[Dataset extract]
____

(* Let $p=a/b$ with $a,b$ positive coprime integers and $b\not\equiv 0\pmod 4$. Set $k'=b$ if $b$ is even and $k'=2b$ if $b$ is odd. Let $(\Delta_L^{(m)})_{m\ge 1}$ be any real sequence satisfying $\Delta_L^{(m+1)}=\Delta_L^{(m)}+1+2p-2\lceil\Delta_L^{(m)}\rceil$ for all $m\ge1$ (with arbitrary real initial value $\Delta_L^{(1)}$). Then $\Delta_L^{(m+k')}=\Delta_L^{(m)}$ for all $m\ge 1$; equivalently, $$k'p+\sum_{l=0}^{k'-1}(-1)^l\lceil \Delta_L^{(m)}+2lp\rceil=0\quad\text{for all } m\ge1 .$$
   Context: $\lceil\cdot\rceil$ denotes the ceiling function. The recursion for $\Delta_L$ is the ''leading-order'' approximation of the extremum-to-extremum evolution of the dynamical system $p(i+1)=p(i)-\operatorname{sgn}x(i)$, $x(i+1)=x(i)+p(i)-\operatorname{sgn}x(i)$. *)

From Stdlib Require Import Reals ZArith Znumtheory.
Open Scope R_scope.

(* Ceiling function: ceil x is the least integer n with x <= n.
   Stdlib's [up y] is the unique integer n with y < n <= y + 1,
   so ceil x = 1 - up (-x). *)
Definition Rceil (x : R) : Z := (1 - up (- x))%Z.

Definition kprime (b : nat) : nat := if Nat.even b then b else (2 * b)%nat.

From Stdlib Require Import Reals ZArith Lra Lia.
Open Scope R_scope.

(* Write h = k'/2, which is odd because 4 does not divide b, and c = 1 + 2p.
   Since h c is an integer, D (m + h) - D m is an integer z for every m.
   An integer shift commutes with the ceiling, so the recursion turns
   D (m + h) = D m + z into D (m + 1 + h) = D (m + 1) - z: the h-step
   difference only changes sign along the orbit. After an odd number h of
   steps it is -z, whence D (m + 2h) = D (m + h) - z = D m. *)

Lemma Rceil_add_IZR (x : R) (z : Z) : Rceil (x + IZR z) = (Rceil x + z)%Z.
Proof.
  unfold Rceil.
  assert (Hup : up (- (x + IZR z)) = (up (- x) - z)%Z).
  { symmetry. apply tech_up; destruct (archimed (- x)) as [H1 H2];
      rewrite minus_IZR; lra. }
  rewrite Hup. lia.
Qed.

Section CeilRecursion.

Variable c : R.
Variable D : nat -> R.
Hypothesis D_rec : forall m : nat, (1 <= m)%nat ->
  D (S m) = D m + c - 2 * IZR (Rceil (D m)).

Lemma D_add_mod_int (m j : nat) : (1 <= m)%nat ->
  exists z : Z, D (m + j)%nat = D m + INR j * c + IZR z.
Proof.
  intros Hm. induction j as [|j [z Hz]].
  - exists 0%Z. rewrite Nat.add_0_r. simpl. lra.
  - exists (z - 2 * Rceil (D (m + j)%nat))%Z.
    rewrite Nat.add_succ_r, D_rec by lia.
    rewrite S_INR, minus_IZR, mult_IZR, Hz at 1. simpl (IZR 2). lra.
Qed.

Lemma int_shift_flips (h m : nat) (z : Z) : (1 <= m)%nat ->
  D (m + h)%nat = D m + IZR z -> D (S m + h)%nat = D (S m) - IZR z.
Proof.
  intros Hm Hz.
  replace (S m + h)%nat with (S (m + h)) by lia.
  rewrite (D_rec (m + h)) by lia. rewrite (D_rec m) by lia.
  rewrite Hz, Rceil_add_IZR, plus_IZR. lra.
Qed.

Lemma int_shift_even (h m i : nat) (z : Z) : (1 <= m)%nat ->
  D (m + h)%nat = D m + IZR z -> D (m + 2 * i + h)%nat = D (m + 2 * i)%nat + IZR z.
Proof.
  intros Hm Hz. induction i as [|i IH].
  - rewrite Nat.mul_0_r, Nat.add_0_r. exact Hz.
  - replace (m + 2 * S i)%nat with (S (S (m + 2 * i))) by lia.
    apply int_shift_flips in IH; [|lia].
    unfold Rminus in IH. rewrite <- opp_IZR in IH. apply int_shift_flips in IH; [|lia].
    rewrite opp_IZR in IH. lra.
Qed.

Lemma D_periodic_of_odd_shift (h m : nat) (N : Z) :
  Nat.Odd h -> INR h * c = IZR N -> (1 <= m)%nat -> D (m + 2 * h)%nat = D m.
Proof.
  intros [q Hq] HN Hm.
  destruct (D_add_mod_int m h Hm) as [z Hz].
  rewrite HN, Rplus_assoc, <- plus_IZR in Hz.
  pose proof (int_shift_even h m q _ Hm Hz) as Heven.
  apply int_shift_flips in Heven; [|lia].
  replace (m + 2 * h)%nat with (S (m + 2 * q) + h)%nat by lia.
  rewrite Heven. replace (S (m + 2 * q)) with (m + h)%nat by lia.
  rewrite Hz. lra.
Qed.

End CeilRecursion.

Lemma kprime_multiple (b : nat) : Nat.divide b (kprime b).
Proof.
  unfold kprime. destruct (Nat.even b).
  - apply Nat.divide_refl.
  - exists 2%nat. lia.
Qed.

Lemma kprime_half_odd (b : nat) : (0 < b)%nat -> (b mod 4 <> 0)%nat ->
  exists h : nat, kprime b = (2 * h)%nat /\ Nat.Odd h.
Proof.
  intros hb hb4. unfold kprime. destruct (Nat.even b) eqn:Hev.
  - apply Nat.even_spec in Hev as [h ->]. exists h. split; [reflexivity|].
    destruct (Nat.Even_or_Odd h) as [[r ->]|Hodd]; [|exact Hodd].
    exfalso. apply hb4. replace (2 * (2 * r))%nat with (r * 4)%nat by lia.
    apply Nat.Div0.mod_mul.
  - exists b. split; [reflexivity|].
    apply Nat.odd_spec. rewrite <- Nat.negb_even, Hev. reflexivity.
Qed.

Theorem lemma1 (a b : nat) (D : nat -> R)
  (ha : (0 < a)%nat) (hb : (0 < b)%nat)
  (hcop : Nat.gcd a b = 1%nat)
  (hb4 : (b mod 4 <> 0)%nat)
  (hrec : forall m : nat, (1 <= m)%nat ->
     D (S m) = D m + 1 + 2 * (INR a / INR b) - 2 * IZR (Rceil (D m))) :
  forall m : nat, (1 <= m)%nat -> D (m + kprime b)%nat = D m.
Proof.
  intros m Hm.
  destruct (kprime_half_odd b hb hb4) as [h [Hk Hodd]].
  destruct (kprime_multiple b) as [d Hd].
  set (c := 1 + 2 * (INR a / INR b)).
  assert (Hc : INR h * c = IZR (Z.of_nat (h + d * a))).
  { rewrite <- INR_IZR_INZ, plus_INR, mult_INR.
    assert (H2h : 2 * INR h = INR d * INR b)
      by (rewrite <- mult_INR, <- Hd, Hk, mult_INR; reflexivity).
    assert (Hb0 : INR b <> 0) by (apply not_0_INR; lia).
    unfold c. field_simplify; [|exact Hb0].
    rewrite H2h. field. exact Hb0. }
  rewrite Hk.
  apply (D_periodic_of_odd_shift c D) with (N := Z.of_nat (h + d * a)); auto.
  intros n Hn. rewrite hrec by exact Hn. unfold c. ring.
Qed.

____

[Exercise aim]
Count up the lines in the entries above where the word "exists" appears, and give the figure with nothing added.

[Final answer]
7